Но еще задолго до Николая Николаевича, при жизни Горького, получил дачу в Перепискино поэт Яков Чурменяев, дед нынешнего Чурменяева. До революции служил он приказчиком в мануфактурной лавочке купца Галкина и фамилию носил обыкновенную – Еропкин. Когда пришли красные, он первым делом выдал им своего хозяина, схоронившегося между штуками ситца. Галкина шлепнули, а Яшу Еропкина, признав тружеником аршина и пролетарием прилавка, взяли в отряд писарем. Но скучно ему было перебеливать приказы да списки, завел себе он кожанку, папаху и маузер. А когда очередную партию «контриков» в расход пускали, попросил у командира разрешения – пристрелять новое оружие.
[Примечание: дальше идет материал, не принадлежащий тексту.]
(* Let $S\subsetneq\mathbb{S}$ be nonempty, let $j^*=\min(\mathbb{S}\setminus S)$ (the highest-quality product not in $S$), and set $q^{\max}=\bar q_0(S)$, $q^{\min}=\bar q_0(S\cup\{j^*\})$ (so $q^{\min}<q^{\max}$). For $q\in(0,1)$ let $v_i(q)=V(qe^{\theta_i-1})$ and $$R_S(q)=\sum_{i\in S}\frac{v_i(q)}{1-v_i(q)}+\frac{1}{q+\sum_{i\in S}v_i(q)}-1 .$$ Assume $v_i(q)<1/2$ for all $i\in S$ and all $q\in[q^{\min},q^{\max}]$. Then $R_S$ is quasi-convex on $[q^{\min},q^{\max}]$.
   Context: Sellers $\mathbb{S}=\{1,\dots,n\}$ with qualities $\theta_1\ge\dots\ge\theta_n\ge0$. $V:(0,\infty)\to(0,1)$: $V(x)=$ the unique $v\in(0,1)$ with $v\exp(v/(1-v))=x$. For nonempty $T\subseteq\mathbb{S}$, $\bar q_0(T)\in(0,1)$ is the unique solution of $\sum_{i\in T}V(\bar q_0e^{\theta_i-1})=1-\bar q_0$. (For $j\notin S$, $R_S(\bar q_0(S\cup\{j\}))$ is the Bertrand equilibrium revenue of displaying $S\cup\{j\}$, and $R_S(\bar q_0(S))$ that of displaying $S$.) A function $f$ on an interval is quasi-convex if $f(\lambda x+(1-\lambda)y)\le\max\{f(x),f(y)\}$ for all $x,y$ in the interval and $\lambda\in[0,1]$. *)

From Stdlib Require Import Reals Lra List.
Open Scope R_scope.

Definition sumL (l : list nat) (f : nat -> R) : R :=
  fold_right (fun i acc => f i + acc) 0 l.

Definition is_V (V : R -> R) : Prop :=
  forall x, 0 < x -> 0 < V x < 1 /\ V x * exp (V x / (1 - V x)) = x.

Definition vi (V : R -> R) (theta : nat -> R) (i : nat) (q : R) : R :=
  V (q * exp (theta i - 1)).

Definition is_qbar0 (V : R -> R) (theta : nat -> R) (T : list nat) (q : R) : Prop :=
  0 < q < 1 /\ sumL T (fun i => vi V theta i q) = 1 - q.

Definition RS (V : R -> R) (theta : nat -> R) (S : list nat) (q : R) : R :=
  sumL S (fun i => vi V theta i q / (1 - vi V theta i q))
  + 1 / (q + sumL S (fun i => vi V theta i q)) - 1.

Definition quasiconvex_on (f : R -> R) (a b : R) : Prop :=
  forall x y lam, a <= x <= b -> a <= y <= b -> 0 <= lam <= 1 ->
    f (lam * x + (1 - lam) * y) <= Rmax (f x) (f y).

From Stdlib Require Import Reals Lra List Ranalysis5.
From Coquelicot Require Import Coquelicot.
Open Scope R_scope.

(* Write [v_i(q) = V(q e^{theta_i - 1})], [D(q) = q + sum v_i(q)]
   and [N(q) = q + sum b(v_i(q))], where [b v = v (1-v)^2 / (1 - v + v^2)].
   Inverting [v |-> v exp(v/(1-v))] gives [q v_i'(q) = b(v_i(q))], and from it
   [q R_S'(q) = P(q)] with [P(q) = sum a(v_i(q)) - N(q)/D(q)^2],
   [a v = v / (1 - v + v^2)].  A direct computation gives
   [q D^3 P' = Y D^3 - (q + X) D + 2 N^2] with [Y = sum a'(v_i) b(v_i)] and
   [X = sum b'(v_i) b(v_i)]; three elementary inequalities valid for
   [0 < v < 1/2] show this is positive.  Hence [P] is strictly increasing on
   [[qmin, qmax]], so [R_S'] changes sign at most once, from negative to
   positive, and a function whose derivative has this single-crossing
   property is quasi-convex. *)

(* Stdlib states these for [plus_fct] etc.; the lambda forms chain directly. *)
Lemma dlim_plus f g x df dg :
  derivable_pt_lim f x df -> derivable_pt_lim g x dg ->
  derivable_pt_lim (fun t => f t + g t) x (df + dg).
Proof. exact (derivable_pt_lim_plus f g x df dg). Qed.

Lemma dlim_minus f g x df dg :
  derivable_pt_lim f x df -> derivable_pt_lim g x dg ->
  derivable_pt_lim (fun t => f t - g t) x (df - dg).
Proof. exact (derivable_pt_lim_minus f g x df dg). Qed.

Lemma dlim_mult f g x df dg :
  derivable_pt_lim f x df -> derivable_pt_lim g x dg ->
  derivable_pt_lim (fun t => f t * g t) x (df * g x + f x * dg).
Proof. exact (derivable_pt_lim_mult f g x df dg). Qed.

Lemma dlim_div f g x df dg :
  derivable_pt_lim f x df -> derivable_pt_lim g x dg -> g x <> 0 ->
  derivable_pt_lim (fun t => f t / g t) x ((df * g x - dg * f x) / (g x)²).
Proof. exact (derivable_pt_lim_div f g x df dg). Qed.

Lemma dlim_comp f g x df dg :
  derivable_pt_lim f (g x) df -> derivable_pt_lim g x dg ->
  derivable_pt_lim (fun t => f (g t)) x (df * dg).
Proof. intros Hf Hg. exact (derivable_pt_lim_comp g f x dg df Hg Hf). Qed.

Lemma dlim_eq f x l l' : derivable_pt_lim f x l -> l = l' -> derivable_pt_lim f x l'.
Proof. now intros H <-. Qed.

Definition w (v : R) : R := v * exp (v / (1 - v)).

(* The denominator [1 - v + v^2] appearing in [w'] and everywhere below. *)
Definition mden (v : R) : R := 1 - v + v * v.

Lemma mden_pos v : 0 < mden v.
Proof. unfold mden; nra. Qed.

Lemma w_deriv v : v < 1 ->
  derivable_pt_lim w v (exp (v / (1 - v)) * (1 + v / ((1 - v) * (1 - v)))).
Proof.
  intros Hv. apply is_derive_Reals. unfold w.
  auto_derive; [repeat split; lra|].
  change (v * / (1 + - v)) with (v / (1 - v)). field. lra.
Qed.

Lemma w_increasing x y : 0 < x -> x < y -> y < 1 -> w x < w y.
Proof.
  intros Hx Hxy Hy. unfold w.
  assert (Hexp : exp (x / (1 - x)) < exp (y / (1 - y))).
  { apply exp_increasing.
    assert (Hdiff : y / (1 - y) - x / (1 - x) = (y - x) / ((1 - x) * (1 - y)))
      by (field; lra).
    assert (0 < (y - x) / ((1 - x) * (1 - y)))
      by (apply Rdiv_lt_0_compat; [lra | apply Rmult_lt_0_compat; lra]).
    lra. }
  pose proof (exp_pos (x / (1 - x))). nra.
Qed.

Section InverseV.

Variable V : R -> R.
Hypothesis HV : is_V V.

Lemma V_range x : 0 < x -> 0 < V x < 1.
Proof. intros Hx. exact (proj1 (HV x Hx)). Qed.

Lemma w_V x : 0 < x -> w (V x) = x.
Proof. intros Hx. exact (proj2 (HV x Hx)). Qed.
Командир подивился таким склонностям бывшего приказчика и откомандировал его в ЧК – там можно каждую ночь маузер пристреливать. И хотя именно там Яков познакомился со вторым мужем Кипятковой, став свидетелем его трагической гибели, но все-таки не остыл и не одумался. Через некоторое время Еропкина назначили командиром продотряда, наводившего ужас на уездных крестьян, которые по своей прирожденной тупости, о чем так хорошо писали товарищи Бухарин и Троцкий, ну никак не хотели отдавать хлеб голодающим рабочим Москвы и Питера, а прятали его даже в навозных кучах. Темные мужики вообще додумались считать Еропкина чертом. Когда он, одетый в кожаную тужурку, внезапно влетал в деревню на своем черном коне и, глядя в цейсовский бинокль, размахивал шашкой, насмерть перепуганные селяне крестились, приговаривая: «Чур меня! Чур меня!» Было из-за чего пугаться: по своему обыкновению, Еропкин сначала рубил мироедов шашкой и, лишь утомясь, спрашивал, где хлеб. Этим «чур меня» Еропкин страшно гордился, видя в нем невольное признание врагами своих революционных заслуг. Но все кончилось плохо. Однажды – дело было в селе Желдобино, – намахавшись шашкой и погубив народу бесчисленно, он, поостыв, спросил: !!ldblquote Где хлеб?» и выяснил, что селяне зерно сдали вполне добровольно, и оно, погруженное на подводы, полдня как дожидается возле комбеда. За такое бессмысленное самоуправство Еропкина вызвали в губ-ком, пропесочили и выгнали из командиров к чертовой матери.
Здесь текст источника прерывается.